- _TASK GOAL_
Could you retype, exactly as written, every line from the top of the records through the line that contains "Lemma dcoef_dX i"?

[Collected data]
============================================================
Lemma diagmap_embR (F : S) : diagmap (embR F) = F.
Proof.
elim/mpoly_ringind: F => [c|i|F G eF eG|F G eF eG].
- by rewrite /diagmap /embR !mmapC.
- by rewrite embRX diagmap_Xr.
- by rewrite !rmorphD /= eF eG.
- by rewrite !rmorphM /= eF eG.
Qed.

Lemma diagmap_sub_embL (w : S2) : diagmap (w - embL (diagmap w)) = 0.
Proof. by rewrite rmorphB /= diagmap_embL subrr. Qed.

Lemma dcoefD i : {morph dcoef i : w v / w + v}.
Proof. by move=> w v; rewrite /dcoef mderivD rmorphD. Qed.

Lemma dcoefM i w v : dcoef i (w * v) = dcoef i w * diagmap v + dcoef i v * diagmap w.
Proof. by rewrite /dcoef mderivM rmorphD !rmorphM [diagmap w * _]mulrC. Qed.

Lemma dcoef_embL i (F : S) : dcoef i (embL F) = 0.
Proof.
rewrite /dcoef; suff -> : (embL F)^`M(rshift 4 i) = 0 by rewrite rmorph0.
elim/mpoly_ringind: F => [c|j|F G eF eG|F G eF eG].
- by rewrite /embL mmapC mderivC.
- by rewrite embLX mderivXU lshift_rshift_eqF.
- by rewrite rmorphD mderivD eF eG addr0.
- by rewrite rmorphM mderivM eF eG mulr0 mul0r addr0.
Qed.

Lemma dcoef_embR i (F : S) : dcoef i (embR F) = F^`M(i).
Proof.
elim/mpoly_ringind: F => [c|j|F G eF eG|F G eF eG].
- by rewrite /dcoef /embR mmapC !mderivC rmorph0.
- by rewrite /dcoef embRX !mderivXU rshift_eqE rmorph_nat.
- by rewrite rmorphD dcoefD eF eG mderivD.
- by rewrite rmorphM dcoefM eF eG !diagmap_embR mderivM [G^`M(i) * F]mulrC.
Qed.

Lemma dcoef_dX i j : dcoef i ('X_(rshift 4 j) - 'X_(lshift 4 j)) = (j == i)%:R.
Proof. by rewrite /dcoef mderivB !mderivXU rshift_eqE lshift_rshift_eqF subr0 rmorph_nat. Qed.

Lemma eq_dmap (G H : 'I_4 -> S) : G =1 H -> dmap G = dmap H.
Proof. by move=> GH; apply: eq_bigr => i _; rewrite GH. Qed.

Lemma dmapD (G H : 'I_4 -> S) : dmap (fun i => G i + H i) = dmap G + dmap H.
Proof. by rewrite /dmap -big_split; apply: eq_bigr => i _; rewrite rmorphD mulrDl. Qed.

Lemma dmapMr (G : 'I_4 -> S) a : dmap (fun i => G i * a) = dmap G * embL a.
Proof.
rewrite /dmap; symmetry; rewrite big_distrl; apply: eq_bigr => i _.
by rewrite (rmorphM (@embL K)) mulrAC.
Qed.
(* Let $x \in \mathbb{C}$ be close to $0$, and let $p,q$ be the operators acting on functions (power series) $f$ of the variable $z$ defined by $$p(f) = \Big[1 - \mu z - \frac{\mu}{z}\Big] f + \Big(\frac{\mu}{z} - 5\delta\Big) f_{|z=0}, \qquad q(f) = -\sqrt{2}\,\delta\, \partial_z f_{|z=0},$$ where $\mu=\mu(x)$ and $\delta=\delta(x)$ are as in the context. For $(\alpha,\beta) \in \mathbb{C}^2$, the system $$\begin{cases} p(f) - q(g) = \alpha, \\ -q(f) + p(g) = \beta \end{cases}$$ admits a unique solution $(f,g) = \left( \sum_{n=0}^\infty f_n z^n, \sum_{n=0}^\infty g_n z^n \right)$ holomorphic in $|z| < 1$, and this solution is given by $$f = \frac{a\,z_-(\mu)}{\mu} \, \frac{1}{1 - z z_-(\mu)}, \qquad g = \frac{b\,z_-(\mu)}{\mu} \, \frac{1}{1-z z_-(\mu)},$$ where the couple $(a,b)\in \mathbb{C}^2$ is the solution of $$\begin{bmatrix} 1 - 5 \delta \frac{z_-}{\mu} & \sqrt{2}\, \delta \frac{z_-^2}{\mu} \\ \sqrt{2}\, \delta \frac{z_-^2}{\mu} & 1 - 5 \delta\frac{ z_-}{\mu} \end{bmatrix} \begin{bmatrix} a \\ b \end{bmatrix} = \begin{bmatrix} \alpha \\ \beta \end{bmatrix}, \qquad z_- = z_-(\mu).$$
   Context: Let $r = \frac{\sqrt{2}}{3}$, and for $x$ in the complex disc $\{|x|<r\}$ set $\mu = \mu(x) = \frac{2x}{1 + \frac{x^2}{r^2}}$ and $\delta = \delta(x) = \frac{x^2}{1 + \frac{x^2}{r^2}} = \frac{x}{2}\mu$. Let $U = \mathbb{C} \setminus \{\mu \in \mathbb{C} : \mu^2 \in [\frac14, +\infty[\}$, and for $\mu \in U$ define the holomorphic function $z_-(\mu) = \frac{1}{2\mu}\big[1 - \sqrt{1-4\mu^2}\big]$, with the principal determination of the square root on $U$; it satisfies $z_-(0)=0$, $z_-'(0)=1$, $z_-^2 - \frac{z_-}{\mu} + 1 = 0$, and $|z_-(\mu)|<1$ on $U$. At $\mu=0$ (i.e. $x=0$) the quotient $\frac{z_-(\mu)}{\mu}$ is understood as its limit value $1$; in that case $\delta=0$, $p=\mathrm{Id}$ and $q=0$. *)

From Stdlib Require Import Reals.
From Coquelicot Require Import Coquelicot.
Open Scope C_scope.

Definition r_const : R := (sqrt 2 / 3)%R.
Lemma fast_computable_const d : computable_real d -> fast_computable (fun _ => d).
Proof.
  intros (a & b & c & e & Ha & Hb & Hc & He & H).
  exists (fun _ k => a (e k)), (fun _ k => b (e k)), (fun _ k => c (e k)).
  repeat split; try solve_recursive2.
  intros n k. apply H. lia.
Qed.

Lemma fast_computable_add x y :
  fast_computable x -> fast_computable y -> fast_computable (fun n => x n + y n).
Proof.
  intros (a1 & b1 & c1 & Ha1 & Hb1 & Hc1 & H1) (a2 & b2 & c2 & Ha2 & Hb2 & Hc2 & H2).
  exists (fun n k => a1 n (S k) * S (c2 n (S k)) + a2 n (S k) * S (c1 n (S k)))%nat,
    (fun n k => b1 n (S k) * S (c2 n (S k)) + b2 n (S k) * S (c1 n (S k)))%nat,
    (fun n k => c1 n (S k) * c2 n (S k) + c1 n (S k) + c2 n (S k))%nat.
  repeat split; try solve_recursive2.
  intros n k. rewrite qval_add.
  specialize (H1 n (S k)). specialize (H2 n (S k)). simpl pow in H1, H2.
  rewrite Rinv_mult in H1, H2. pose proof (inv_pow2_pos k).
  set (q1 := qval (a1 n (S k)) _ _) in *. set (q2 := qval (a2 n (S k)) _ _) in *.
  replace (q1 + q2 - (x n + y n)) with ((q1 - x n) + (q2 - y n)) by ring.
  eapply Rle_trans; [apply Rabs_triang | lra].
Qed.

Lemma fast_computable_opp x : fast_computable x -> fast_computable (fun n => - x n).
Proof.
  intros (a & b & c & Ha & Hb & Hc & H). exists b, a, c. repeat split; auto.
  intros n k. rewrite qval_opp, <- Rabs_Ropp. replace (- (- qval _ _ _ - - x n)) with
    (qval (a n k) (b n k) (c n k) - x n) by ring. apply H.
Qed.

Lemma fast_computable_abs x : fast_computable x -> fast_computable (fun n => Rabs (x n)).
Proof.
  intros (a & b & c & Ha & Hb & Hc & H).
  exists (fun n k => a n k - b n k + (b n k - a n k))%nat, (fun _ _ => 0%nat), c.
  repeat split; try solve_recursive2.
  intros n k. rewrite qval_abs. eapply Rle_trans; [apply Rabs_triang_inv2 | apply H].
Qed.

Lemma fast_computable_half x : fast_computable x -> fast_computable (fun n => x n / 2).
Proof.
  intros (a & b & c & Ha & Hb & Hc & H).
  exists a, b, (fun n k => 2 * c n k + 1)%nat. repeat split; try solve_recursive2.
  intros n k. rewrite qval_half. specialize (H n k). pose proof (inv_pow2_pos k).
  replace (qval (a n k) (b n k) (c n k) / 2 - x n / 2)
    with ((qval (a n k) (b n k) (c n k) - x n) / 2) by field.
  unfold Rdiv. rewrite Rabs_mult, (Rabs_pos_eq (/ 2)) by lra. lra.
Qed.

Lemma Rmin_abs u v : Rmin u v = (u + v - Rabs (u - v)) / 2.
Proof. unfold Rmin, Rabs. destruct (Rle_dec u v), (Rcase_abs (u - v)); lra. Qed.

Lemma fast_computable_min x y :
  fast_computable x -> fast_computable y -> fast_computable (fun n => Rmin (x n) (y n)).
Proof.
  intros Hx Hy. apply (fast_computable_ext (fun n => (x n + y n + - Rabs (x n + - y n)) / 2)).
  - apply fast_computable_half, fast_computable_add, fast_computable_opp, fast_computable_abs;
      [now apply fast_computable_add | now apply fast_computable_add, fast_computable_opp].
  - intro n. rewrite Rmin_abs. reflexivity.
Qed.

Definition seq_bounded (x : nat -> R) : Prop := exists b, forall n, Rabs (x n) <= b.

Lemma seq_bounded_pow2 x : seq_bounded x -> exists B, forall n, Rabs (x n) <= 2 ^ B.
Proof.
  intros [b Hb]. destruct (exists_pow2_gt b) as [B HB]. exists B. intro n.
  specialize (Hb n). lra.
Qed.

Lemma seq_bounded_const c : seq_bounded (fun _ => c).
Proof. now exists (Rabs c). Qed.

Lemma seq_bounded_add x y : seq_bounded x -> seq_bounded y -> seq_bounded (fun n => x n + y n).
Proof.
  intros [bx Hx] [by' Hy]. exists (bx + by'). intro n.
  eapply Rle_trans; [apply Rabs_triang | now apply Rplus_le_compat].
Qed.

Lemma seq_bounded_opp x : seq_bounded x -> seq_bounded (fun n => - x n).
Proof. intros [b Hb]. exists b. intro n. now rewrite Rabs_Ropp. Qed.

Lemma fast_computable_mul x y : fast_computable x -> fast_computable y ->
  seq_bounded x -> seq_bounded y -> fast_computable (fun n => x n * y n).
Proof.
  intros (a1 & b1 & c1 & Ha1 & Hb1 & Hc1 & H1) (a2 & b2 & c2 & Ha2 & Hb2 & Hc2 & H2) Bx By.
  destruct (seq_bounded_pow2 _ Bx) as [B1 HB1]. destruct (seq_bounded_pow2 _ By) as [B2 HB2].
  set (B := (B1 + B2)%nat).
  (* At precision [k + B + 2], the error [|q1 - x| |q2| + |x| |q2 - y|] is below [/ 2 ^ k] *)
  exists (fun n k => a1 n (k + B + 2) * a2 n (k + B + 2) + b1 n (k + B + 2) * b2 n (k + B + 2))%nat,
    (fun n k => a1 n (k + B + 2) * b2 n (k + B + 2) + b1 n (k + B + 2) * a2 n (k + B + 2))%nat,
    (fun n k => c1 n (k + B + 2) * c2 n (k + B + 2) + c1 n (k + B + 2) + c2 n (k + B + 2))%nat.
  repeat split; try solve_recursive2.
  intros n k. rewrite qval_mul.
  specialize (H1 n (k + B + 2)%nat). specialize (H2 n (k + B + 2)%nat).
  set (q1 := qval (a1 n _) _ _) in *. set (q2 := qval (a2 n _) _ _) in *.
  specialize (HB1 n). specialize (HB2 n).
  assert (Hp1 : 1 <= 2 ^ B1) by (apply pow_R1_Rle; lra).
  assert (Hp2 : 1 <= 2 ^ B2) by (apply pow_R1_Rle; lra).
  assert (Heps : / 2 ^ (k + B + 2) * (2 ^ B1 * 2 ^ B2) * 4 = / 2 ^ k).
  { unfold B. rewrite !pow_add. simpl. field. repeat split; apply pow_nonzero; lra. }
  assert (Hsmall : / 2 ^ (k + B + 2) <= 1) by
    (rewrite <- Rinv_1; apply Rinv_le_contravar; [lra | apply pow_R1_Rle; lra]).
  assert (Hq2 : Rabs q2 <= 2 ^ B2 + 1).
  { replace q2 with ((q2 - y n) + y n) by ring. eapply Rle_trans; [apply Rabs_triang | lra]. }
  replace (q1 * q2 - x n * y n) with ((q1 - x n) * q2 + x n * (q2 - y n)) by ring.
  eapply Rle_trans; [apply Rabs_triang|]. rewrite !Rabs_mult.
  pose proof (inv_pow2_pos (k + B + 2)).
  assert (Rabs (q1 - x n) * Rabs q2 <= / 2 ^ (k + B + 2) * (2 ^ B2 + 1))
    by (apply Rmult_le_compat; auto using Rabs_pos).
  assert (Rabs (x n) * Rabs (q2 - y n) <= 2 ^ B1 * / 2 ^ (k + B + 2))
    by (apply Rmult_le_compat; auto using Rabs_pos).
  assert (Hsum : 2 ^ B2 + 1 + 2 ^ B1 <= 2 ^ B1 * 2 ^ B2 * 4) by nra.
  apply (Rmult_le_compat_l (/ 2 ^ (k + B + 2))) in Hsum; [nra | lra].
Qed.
============================================================
- _TASK ANSWER_
Lemma diagmap_embR (F : S) : diagmap (embR F) = F.
Proof.
elim/mpoly_ringind: F => [c|i|F G eF eG|F G eF eG].
- by rewrite /diagmap /embR !mmapC.
- by rewrite embRX diagmap_Xr.
- by rewrite !rmorphD /= eF eG.
- by rewrite !rmorphM /= eF eG.
Qed.

Lemma diagmap_sub_embL (w : S2) : diagmap (w - embL (diagmap w)) = 0.
Proof. by rewrite rmorphB /= diagmap_embL subrr. Qed.

Lemma dcoefD i : {morph dcoef i : w v / w + v}.
Proof. by move=> w v; rewrite /dcoef mderivD rmorphD. Qed.

Lemma dcoefM i w v : dcoef i (w * v) = dcoef i w * diagmap v + dcoef i v * diagmap w.
Proof. by rewrite /dcoef mderivM rmorphD !rmorphM [diagmap w * _]mulrC. Qed.

Lemma dcoef_embL i (F : S) : dcoef i (embL F) = 0.
Proof.
rewrite /dcoef; suff -> : (embL F)^`M(rshift 4 i) = 0 by rewrite rmorph0.
elim/mpoly_ringind: F => [c|j|F G eF eG|F G eF eG].
- by rewrite /embL mmapC mderivC.
- by rewrite embLX mderivXU lshift_rshift_eqF.
- by rewrite rmorphD mderivD eF eG addr0.
- by rewrite rmorphM mderivM eF eG mulr0 mul0r addr0.
Qed.

Lemma dcoef_embR i (F : S) : dcoef i (embR F) = F^`M(i).
Proof.
elim/mpoly_ringind: F => [c|j|F G eF eG|F G eF eG].
- by rewrite /dcoef /embR mmapC !mderivC rmorph0.
- by rewrite /dcoef embRX !mderivXU rshift_eqE rmorph_nat.
- by rewrite rmorphD dcoefD eF eG mderivD.
- by rewrite rmorphM dcoefM eF eG !diagmap_embR mderivM [G^`M(i) * F]mulrC.
Qed.

Lemma dcoef_dX i j : dcoef i ('X_(rshift 4 j) - 'X_(lshift 4 j)) = (j == i)%:R.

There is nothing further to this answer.